Other Qualifications:

• Bachelor’s or advanced degree in Microbiology or Biology/Biological Sciences.
• Experience (7+yrs) in pharmaceutical microbiology, or equivalent with advanced degree

Working Conditions:

Work is performed in a cGMP compliant laboratory following techniques which require one to maintain a high attention to detail, to properly use Personal Protective Equipment (PPE) and to handle hazardous materials. Work may be required on weekdays, weekends, holidays, and during adverse weather conditions. Flexibility to work irregular hours on short notice.

Around the world, we are passionate about making an impact on the lives of patients with serious diseases. Empowered to apply our individual talents and diverse perspectives in an inclusive culture, our shared values of passion, innovation, urgency, accountability, inclusion and integrity bring out the highest potential of each of our colleagues.

Bristol Myers Squibb recognizes the importance of balance and flexibility in our work environment. We offer a wide variety of competitive benefits, services and programs that provide our employees with the resources to pursue their goals, both at work and in their personal lives.

Physical presence at the BMS worksite or physical presence in the field is an essential job function of this role which the Company deems critical to collaboration, innovation, productivity, employee well-being and engagement, and enhances the Company culture.

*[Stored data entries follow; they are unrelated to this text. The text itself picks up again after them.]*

Lemma sum_neq0_exists (V : nmodType) (I : finType) (P : pred I) (F : I -> V) :
  \sum_(i | P i) F i != 0 -> exists2 i, P i & F i != 0.
Proof.
move=> H; case: (boolP [exists i, P i && (F i != 0)]) => [/existsP [i /andP []]|].
  by exists i.
move=> /existsPn Hn; move: H; rewrite big1 ?eqxx // => i Pi.
by move: (Hn i); rewrite Pi negbK => /eqP.
Qed.

Section Chains.
Variables (K : fieldType) (n : nat).

(* A chain of the Koszul complex of a monomial ideal: [f G c] is the
   coefficient of the basis vector [x^c (x) e_G]. *)
Definition chain := {set 'I_n} -> mono n -> K.

Implicit Types (f g : chain) (J : monideal n) (G : {set 'I_n}) (b c m : mono n).

(* The coefficient of [x^c e_G] in [d f], for the differential
   [d (x^b e_F) = \sum_(k in F) ksign k F x^(b + e_k) e_(F :\ k)] encoded by [kentry]. *)
Definition koszul_d f : chain := fun G c =>
  \sum_(k | (k \notin G) && (0 < c k)%N) ksign K k G * f (k |: G) (mquo c (munit k)).

Lemma eq_koszul_d f g : (forall G c, f G c = g G c) ->
  forall G c, koszul_d f G c = koszul_d g G c.
Proof. by move=> fg G c; apply: eq_bigr => k _; rewrite fg. Qed.

Lemma koszul_dD f g G c :
  koszul_d (fun G c => f G c + g G c) G c = koszul_d f G c + koszul_d g G c.
Proof. by rewrite /koszul_d -big_split; apply: eq_bigr => k _; rewrite mulrDr. Qed.

Lemma koszul_dB f g G c :
  koszul_d (fun G c => f G c - g G c) G c = koszul_d f G c - koszul_d g G c.
Proof. by rewrite /koszul_d -sumrB; apply: eq_bigr => k _; rewrite mulrBr. Qed.

Lemma koszul_d_neq0 f G c : koszul_d f G c != 0 ->
  exists k, [/\ k \notin G, (0 < c k)%N & f (k |: G) (mquo c (munit k)) != 0].
Proof.
move=> /sum_neq0_exists [k /andP [kG ck] H]; exists k; split=> //.
by apply: contraNneq H => ->; rewrite mulr0.
Qed.

Lemma koszul_dd f G c : koszul_d (koszul_d f) G c = 0.
Proof.
pose cond k l := [&& k != l, k \notin G, l \notin G, (0 < c k)%N & (0 < c l)%N].
pose A k l := if cond k l then ksign K k G * (ksign K l (k |: G) *
    f (l |: (k |: G)) (mquo (mquo c (munit k)) (munit l))) else 0.
transitivity (\sum_k \sum_l A k l).
  rewrite /koszul_d big_mkcond /=; apply: eq_bigr => k _.
  case: ifP => [/andP [kG ck]|Pk]; last first.
    rewrite big1 // => l _; rewrite /A /cond.
    by case: and5P => // -[_ kG _ ck _]; rewrite kG ck in Pk.
  rewrite mulr_sumr big_mkcond /=; apply: eq_bigr => l _.
  rewrite /A /cond kG ck !inE !ffunE /= negb_or.
  by case: (eqVneq l k) => [->|lk] //=; rewrite subn0.
(* Removing [e_k] then [e_l] and removing [e_l] then [e_k] give opposite signs. *)
apply: sum_antisym => [k|k l]; first by rewrite /A /cond eqxx.
rewrite /A /cond.
case: (eqVneq k l) => [->|kl]; first by rewrite oppr0.
rewrite /=; case kG: (k \in G); case lG: (l \in G);
  case: (0 < c k)%N; case: (0 < c l)%N; rewrite /= ?oppr0 //.
rewrite setUCA mquoAC.
rewrite !mulrA -mulNr; congr (_ * _); rewrite !ksign_setU1 ?kG ?lG //.
by case: (ltngtP k l) => [_|_|/val_inj/eqP]; rewrite ?(negbTE kl) //= ?expr0 ?expr1; ring.
Qed.

End Chains.

Section KoszulHomology.
Variables (K : fieldType) (n : nat).
Implicit Types (f g : chain K n) (J : monideal n) (G : {set 'I_n}) (b c m : mono n).

Definition supported f (P : {set 'I_n} -> mono n -> bool) :=
  forall G c, f G c != 0 -> P G c.

(* Basis of the degree-[j] part of [J (x) K_i]; definitionally [kvalid J i (G, c)]. *)
Definition kbasis J (i j : nat) G c : bool :=
  [&& #|G| == i, mdeg c + #|G| == j & J c].

Definition Tor_vanish J (i j : nat) : Prop :=
  forall f, supported f (kbasis J i j) -> (forall G c, koszul_d f G c = 0) ->
  exists g, supported g (kbasis J i.+1 j) /\ forall G c, koszul_d g G c = f G c.

Definition is_ideal J := forall b k, J b -> J (mmul b (munit k)).

Lemma supported_impl f (P Q : {set 'I_n} -> mono n -> bool) :
  (forall G c, P G c -> Q G c) -> supported f P -> supported f Q.
Proof. by move=> PQ sf G c /sf; apply: PQ. Qed.

Lemma supportedD f g P :
  supported f P -> supported g P -> supported (fun G c => f G c + g G c) P.
Proof.
move=> sf sg G c; case: (eqVneq (f G c) 0) => [->|/sf//]; rewrite add0r; exact: sg.
Qed.

Lemma supportedB f g P :
  supported f P -> supported g P -> supported (fun G c => f G c - g G c) P.
Proof.
move=> sf sg G c; case: (eqVneq (f G c) 0) => [->|/sf//].
by rewrite sub0r oppr_eq0; exact: sg.
Qed.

To protect the safety of our workforce, customers, patients and communities, the policy of the Company requires all employees and workers in the U.S. and Puerto Rico to be fully vaccinated against COVID-19, unless they have received an exception based on an approved request for a medical or religious reasonable accommodation. Therefore, all BMS applicants seeking a role located in the U.S. and Puerto Rico must confirm that they have already received or are willing to receive the full COVID-19 vaccination by their start date as a qualification of the role and condition of employment. This requirement is subject to state and local law restrictions and may not be applicable to employees working in certain jurisdictions such as Montana. This requirement is also subject to discussions with collective bargaining representatives in the U.S.

Our company is committed to ensuring that people with disabilities can excel through a transparent recruitment process, reasonable workplace adjustments and ongoing support in their roles. Applicants can request an approval of accommodation prior to accepting a job offer. If you require reasonable accommodation in completing this application or if you are applying to a role based in the U.S. or Puerto Rico and you believe that you are unable to receive a COVID-19 vaccine due to a medical condition or sincerely held religious belief, during or any part of the recruitment process, please direct your inquiries to adastaffingsupport@bms.com. Visit careers.bms.com/eeo-accessibility to access our complete Equal Employment Opportunity statement.

BMS will consider for employment qualified applicants with arrest and conviction records, pursuant to applicable laws in your area.

Any data processed in connection with role applications will be treated in accordance with applicable data privacy policies and regulations.